## PROBLEM STATEMENT
Each line in the entries below that holds the string "congr" is to be listed.

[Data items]
--------

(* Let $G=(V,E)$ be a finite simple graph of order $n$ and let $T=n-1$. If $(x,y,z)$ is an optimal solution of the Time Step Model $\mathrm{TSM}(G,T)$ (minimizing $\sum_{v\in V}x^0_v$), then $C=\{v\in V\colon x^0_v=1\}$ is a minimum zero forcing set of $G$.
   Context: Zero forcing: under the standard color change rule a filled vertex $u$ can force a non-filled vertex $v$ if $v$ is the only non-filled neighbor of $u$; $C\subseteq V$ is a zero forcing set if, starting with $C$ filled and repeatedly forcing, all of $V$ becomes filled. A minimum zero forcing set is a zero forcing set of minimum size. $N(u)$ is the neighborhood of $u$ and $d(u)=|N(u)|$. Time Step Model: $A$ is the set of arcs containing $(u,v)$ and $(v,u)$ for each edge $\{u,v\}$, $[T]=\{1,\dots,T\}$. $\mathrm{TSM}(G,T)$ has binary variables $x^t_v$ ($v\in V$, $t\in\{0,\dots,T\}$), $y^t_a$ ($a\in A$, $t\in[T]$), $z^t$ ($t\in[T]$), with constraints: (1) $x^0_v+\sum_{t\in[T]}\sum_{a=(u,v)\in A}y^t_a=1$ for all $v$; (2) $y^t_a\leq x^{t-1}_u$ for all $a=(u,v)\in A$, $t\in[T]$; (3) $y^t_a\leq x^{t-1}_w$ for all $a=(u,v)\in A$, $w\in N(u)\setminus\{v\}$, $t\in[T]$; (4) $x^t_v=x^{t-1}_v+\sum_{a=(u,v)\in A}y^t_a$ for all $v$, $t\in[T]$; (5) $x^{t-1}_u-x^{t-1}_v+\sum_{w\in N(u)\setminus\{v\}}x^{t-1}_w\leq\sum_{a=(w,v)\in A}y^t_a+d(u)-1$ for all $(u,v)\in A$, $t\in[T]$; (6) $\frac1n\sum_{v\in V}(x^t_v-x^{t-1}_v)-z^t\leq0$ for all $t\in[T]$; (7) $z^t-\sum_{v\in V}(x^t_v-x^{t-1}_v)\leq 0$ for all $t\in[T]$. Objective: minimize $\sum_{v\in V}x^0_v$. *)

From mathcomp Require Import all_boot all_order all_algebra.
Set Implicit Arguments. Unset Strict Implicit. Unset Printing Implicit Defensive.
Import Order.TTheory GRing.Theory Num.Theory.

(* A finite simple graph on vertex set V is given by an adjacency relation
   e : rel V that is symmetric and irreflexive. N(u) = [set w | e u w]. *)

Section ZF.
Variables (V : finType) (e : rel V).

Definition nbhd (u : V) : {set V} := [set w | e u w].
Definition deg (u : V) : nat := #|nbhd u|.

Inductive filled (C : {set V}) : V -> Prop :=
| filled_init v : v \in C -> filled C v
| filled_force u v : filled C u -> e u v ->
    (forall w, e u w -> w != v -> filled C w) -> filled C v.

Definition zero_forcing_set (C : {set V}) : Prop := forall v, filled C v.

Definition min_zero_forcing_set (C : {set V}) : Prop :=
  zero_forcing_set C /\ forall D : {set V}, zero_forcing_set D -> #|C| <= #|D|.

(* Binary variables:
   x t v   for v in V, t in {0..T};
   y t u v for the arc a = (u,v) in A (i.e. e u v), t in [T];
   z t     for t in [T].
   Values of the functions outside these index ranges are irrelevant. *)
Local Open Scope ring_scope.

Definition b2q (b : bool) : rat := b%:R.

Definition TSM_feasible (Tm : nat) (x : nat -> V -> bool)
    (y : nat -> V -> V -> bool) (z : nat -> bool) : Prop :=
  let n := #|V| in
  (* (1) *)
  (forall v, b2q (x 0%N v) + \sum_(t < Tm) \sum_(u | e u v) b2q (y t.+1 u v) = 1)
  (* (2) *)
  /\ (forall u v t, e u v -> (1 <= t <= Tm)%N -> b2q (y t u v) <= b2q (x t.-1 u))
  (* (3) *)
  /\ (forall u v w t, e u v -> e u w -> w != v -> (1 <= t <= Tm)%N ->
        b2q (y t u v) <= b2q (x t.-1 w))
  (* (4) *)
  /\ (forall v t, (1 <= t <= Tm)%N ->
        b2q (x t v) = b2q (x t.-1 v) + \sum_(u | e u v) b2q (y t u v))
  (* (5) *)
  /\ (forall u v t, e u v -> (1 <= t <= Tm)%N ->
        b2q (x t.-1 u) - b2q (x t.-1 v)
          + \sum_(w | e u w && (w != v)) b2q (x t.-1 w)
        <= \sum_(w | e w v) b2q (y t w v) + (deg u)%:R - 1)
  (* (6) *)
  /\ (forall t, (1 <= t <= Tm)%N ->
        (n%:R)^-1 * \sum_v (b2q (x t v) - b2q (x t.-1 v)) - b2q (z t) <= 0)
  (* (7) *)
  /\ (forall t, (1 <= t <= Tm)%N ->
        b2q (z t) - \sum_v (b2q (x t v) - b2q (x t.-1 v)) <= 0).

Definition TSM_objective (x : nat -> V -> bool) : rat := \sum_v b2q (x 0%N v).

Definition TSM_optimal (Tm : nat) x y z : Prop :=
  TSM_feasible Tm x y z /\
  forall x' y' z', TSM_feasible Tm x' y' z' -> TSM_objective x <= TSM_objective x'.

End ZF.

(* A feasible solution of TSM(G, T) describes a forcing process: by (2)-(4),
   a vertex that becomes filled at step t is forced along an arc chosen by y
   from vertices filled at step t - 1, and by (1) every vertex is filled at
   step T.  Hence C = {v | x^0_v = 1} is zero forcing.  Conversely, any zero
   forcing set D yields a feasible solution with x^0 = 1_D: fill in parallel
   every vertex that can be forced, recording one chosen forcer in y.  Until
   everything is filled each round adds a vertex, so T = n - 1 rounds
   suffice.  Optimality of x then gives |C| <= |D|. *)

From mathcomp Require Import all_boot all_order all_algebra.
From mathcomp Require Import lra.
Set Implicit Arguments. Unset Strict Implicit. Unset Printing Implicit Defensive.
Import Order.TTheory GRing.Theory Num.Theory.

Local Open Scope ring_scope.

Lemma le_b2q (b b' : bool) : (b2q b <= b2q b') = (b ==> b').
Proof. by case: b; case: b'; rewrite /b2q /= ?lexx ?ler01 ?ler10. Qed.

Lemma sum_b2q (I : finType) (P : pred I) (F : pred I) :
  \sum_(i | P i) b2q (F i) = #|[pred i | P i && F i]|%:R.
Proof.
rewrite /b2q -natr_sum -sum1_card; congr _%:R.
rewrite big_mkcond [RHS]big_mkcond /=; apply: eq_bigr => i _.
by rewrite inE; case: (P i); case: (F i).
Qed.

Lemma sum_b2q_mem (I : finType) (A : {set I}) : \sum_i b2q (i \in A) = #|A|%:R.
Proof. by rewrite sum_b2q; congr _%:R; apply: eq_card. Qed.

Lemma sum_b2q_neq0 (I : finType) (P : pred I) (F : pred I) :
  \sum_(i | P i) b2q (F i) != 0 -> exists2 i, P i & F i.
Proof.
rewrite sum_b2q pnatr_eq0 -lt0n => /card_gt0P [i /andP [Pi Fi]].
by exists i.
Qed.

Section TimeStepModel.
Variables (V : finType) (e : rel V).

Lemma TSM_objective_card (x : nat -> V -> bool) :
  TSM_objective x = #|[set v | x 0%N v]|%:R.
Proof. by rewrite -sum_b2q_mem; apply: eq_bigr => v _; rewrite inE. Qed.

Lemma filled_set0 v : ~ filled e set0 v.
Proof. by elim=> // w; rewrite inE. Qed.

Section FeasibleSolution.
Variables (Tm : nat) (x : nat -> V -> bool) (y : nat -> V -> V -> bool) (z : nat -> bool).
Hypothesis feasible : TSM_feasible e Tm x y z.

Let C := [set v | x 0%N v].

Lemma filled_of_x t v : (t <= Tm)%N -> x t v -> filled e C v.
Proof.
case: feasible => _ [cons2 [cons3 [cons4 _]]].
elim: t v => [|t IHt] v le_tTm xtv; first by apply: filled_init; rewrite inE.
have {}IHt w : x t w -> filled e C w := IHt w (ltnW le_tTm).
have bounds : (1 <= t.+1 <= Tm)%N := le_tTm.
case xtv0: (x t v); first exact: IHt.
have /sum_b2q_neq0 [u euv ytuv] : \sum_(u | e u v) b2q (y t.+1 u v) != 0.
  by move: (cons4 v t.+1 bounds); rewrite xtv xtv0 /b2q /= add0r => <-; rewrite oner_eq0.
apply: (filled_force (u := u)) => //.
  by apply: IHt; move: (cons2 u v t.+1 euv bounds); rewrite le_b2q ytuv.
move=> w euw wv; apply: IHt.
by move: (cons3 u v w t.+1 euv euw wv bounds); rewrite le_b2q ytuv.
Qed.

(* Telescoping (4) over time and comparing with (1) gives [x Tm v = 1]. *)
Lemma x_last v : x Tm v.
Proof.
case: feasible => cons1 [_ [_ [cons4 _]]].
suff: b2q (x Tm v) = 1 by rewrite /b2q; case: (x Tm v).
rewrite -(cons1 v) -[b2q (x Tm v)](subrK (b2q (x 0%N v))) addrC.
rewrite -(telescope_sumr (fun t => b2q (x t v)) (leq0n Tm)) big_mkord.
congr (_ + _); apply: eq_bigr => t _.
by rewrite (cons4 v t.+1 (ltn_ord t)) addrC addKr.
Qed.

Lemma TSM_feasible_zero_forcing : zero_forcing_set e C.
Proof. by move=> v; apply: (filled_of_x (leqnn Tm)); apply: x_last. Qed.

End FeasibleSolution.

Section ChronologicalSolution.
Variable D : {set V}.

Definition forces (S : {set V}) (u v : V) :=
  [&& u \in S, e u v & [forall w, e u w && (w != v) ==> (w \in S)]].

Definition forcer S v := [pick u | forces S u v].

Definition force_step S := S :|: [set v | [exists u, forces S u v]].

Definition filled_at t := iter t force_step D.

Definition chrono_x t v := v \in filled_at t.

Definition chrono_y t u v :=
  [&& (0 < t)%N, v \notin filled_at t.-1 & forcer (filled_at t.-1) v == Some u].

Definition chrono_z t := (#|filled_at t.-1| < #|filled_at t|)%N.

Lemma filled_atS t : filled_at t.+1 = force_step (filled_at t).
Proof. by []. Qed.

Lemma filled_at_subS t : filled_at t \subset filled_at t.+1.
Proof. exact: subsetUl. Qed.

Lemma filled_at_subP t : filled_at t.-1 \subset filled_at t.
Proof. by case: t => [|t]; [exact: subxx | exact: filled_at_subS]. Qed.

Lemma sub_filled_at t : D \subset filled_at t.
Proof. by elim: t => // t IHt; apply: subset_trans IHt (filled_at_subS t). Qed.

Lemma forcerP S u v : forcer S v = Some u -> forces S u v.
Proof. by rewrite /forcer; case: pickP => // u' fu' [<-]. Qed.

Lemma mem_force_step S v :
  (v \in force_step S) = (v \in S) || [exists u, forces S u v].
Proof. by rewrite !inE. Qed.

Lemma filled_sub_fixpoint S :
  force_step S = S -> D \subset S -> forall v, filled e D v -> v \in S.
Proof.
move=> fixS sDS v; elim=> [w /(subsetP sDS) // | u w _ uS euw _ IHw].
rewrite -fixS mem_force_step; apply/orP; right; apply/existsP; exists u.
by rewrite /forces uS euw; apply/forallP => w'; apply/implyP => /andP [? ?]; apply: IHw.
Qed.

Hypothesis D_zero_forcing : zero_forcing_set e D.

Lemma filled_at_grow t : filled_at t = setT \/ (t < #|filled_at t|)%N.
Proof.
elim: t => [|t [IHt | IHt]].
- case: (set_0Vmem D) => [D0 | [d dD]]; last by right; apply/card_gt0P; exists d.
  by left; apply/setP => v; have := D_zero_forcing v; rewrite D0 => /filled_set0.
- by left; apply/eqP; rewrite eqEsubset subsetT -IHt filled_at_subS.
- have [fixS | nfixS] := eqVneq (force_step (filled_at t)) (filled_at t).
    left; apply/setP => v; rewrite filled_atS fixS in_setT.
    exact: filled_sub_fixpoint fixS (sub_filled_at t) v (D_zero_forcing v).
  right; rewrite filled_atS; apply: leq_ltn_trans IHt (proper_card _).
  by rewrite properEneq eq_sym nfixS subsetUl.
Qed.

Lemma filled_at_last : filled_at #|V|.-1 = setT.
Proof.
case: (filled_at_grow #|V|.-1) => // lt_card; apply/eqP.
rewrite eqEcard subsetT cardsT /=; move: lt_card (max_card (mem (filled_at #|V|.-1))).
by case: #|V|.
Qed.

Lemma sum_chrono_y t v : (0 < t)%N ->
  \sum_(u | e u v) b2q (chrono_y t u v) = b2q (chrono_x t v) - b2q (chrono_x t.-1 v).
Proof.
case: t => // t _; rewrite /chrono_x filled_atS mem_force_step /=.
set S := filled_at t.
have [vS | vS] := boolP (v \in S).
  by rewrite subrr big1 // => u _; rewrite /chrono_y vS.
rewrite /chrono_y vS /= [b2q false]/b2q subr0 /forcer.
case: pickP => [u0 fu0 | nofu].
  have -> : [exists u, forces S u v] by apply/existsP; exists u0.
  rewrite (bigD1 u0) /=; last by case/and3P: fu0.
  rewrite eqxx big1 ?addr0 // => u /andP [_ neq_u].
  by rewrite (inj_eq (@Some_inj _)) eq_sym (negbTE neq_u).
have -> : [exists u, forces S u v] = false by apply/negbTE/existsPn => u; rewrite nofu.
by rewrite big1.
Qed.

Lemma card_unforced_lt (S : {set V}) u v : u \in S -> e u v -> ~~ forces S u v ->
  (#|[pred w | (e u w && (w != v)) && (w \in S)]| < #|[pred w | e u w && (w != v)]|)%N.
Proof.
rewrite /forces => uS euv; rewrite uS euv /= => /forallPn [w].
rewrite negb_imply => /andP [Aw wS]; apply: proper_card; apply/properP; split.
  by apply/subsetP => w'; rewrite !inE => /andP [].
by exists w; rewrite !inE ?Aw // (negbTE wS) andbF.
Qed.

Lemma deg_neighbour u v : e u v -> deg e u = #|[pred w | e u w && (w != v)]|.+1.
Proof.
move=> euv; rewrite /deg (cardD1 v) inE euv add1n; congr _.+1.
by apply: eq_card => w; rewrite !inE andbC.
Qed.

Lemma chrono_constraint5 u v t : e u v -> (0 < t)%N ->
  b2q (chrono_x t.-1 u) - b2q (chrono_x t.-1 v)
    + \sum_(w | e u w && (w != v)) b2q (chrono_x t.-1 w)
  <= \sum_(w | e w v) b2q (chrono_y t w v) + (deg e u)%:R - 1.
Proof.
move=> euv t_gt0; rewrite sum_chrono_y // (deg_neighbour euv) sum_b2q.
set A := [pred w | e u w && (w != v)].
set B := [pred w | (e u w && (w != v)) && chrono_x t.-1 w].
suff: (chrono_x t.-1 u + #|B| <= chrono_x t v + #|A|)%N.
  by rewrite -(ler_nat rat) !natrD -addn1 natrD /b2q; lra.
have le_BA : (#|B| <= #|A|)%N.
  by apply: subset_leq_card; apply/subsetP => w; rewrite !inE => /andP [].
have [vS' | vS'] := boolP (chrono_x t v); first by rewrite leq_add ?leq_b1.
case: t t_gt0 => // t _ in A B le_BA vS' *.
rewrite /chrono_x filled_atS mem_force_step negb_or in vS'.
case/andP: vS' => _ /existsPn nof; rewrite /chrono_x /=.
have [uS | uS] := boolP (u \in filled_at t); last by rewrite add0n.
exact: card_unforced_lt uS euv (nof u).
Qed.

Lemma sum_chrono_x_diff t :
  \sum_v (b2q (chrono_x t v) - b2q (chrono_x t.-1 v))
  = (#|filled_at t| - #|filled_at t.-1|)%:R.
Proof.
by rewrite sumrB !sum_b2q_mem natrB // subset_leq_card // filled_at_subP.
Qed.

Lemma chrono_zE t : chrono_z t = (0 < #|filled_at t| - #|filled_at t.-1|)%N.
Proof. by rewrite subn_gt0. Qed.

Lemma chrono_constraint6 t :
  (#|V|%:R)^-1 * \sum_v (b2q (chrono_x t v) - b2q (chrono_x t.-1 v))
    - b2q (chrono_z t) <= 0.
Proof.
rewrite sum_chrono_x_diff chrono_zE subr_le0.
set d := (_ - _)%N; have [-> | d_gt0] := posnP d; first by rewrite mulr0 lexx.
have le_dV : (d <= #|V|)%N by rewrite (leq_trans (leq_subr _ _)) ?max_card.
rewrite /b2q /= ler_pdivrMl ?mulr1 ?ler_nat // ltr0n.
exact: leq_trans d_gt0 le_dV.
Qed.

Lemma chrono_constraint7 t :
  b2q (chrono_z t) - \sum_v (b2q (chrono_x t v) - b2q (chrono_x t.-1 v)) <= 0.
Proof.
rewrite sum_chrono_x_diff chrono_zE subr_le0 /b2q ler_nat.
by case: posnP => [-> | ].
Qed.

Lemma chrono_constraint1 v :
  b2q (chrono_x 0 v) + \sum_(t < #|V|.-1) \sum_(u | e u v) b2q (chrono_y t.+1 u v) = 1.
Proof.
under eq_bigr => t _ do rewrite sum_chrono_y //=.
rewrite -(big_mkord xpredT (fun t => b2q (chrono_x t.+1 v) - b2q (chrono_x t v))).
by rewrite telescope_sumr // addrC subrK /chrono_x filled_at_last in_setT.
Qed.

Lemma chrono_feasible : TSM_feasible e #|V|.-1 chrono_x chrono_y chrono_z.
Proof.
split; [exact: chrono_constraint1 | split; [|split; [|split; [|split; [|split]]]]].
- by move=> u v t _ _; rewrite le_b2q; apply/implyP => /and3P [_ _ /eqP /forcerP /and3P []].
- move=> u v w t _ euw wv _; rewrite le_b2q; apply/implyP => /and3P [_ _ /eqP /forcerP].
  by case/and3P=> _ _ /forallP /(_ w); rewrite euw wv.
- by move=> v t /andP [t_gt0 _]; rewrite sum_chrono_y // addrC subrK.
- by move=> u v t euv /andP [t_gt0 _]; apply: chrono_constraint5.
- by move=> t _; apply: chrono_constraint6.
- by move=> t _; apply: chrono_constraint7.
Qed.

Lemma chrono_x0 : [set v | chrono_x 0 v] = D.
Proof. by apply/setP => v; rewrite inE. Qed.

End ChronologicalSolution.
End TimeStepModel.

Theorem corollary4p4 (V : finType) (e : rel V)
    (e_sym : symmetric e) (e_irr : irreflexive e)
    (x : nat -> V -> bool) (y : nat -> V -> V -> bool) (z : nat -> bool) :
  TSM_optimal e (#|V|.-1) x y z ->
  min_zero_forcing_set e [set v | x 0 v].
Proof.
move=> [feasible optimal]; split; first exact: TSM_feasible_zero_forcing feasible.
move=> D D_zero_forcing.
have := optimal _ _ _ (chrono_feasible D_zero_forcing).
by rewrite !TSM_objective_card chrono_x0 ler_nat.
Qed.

--------

## WRITTEN ANSWER
rewrite /b2q -natr_sum -sum1_card; congr _%:R.
Proof. by rewrite sum_b2q; congr _%:R; apply: eq_card. Qed.
congr (_ + _); apply: eq_bigr => t _.
move=> euv; rewrite /deg (cardD1 v) inE euv add1n; congr _.+1.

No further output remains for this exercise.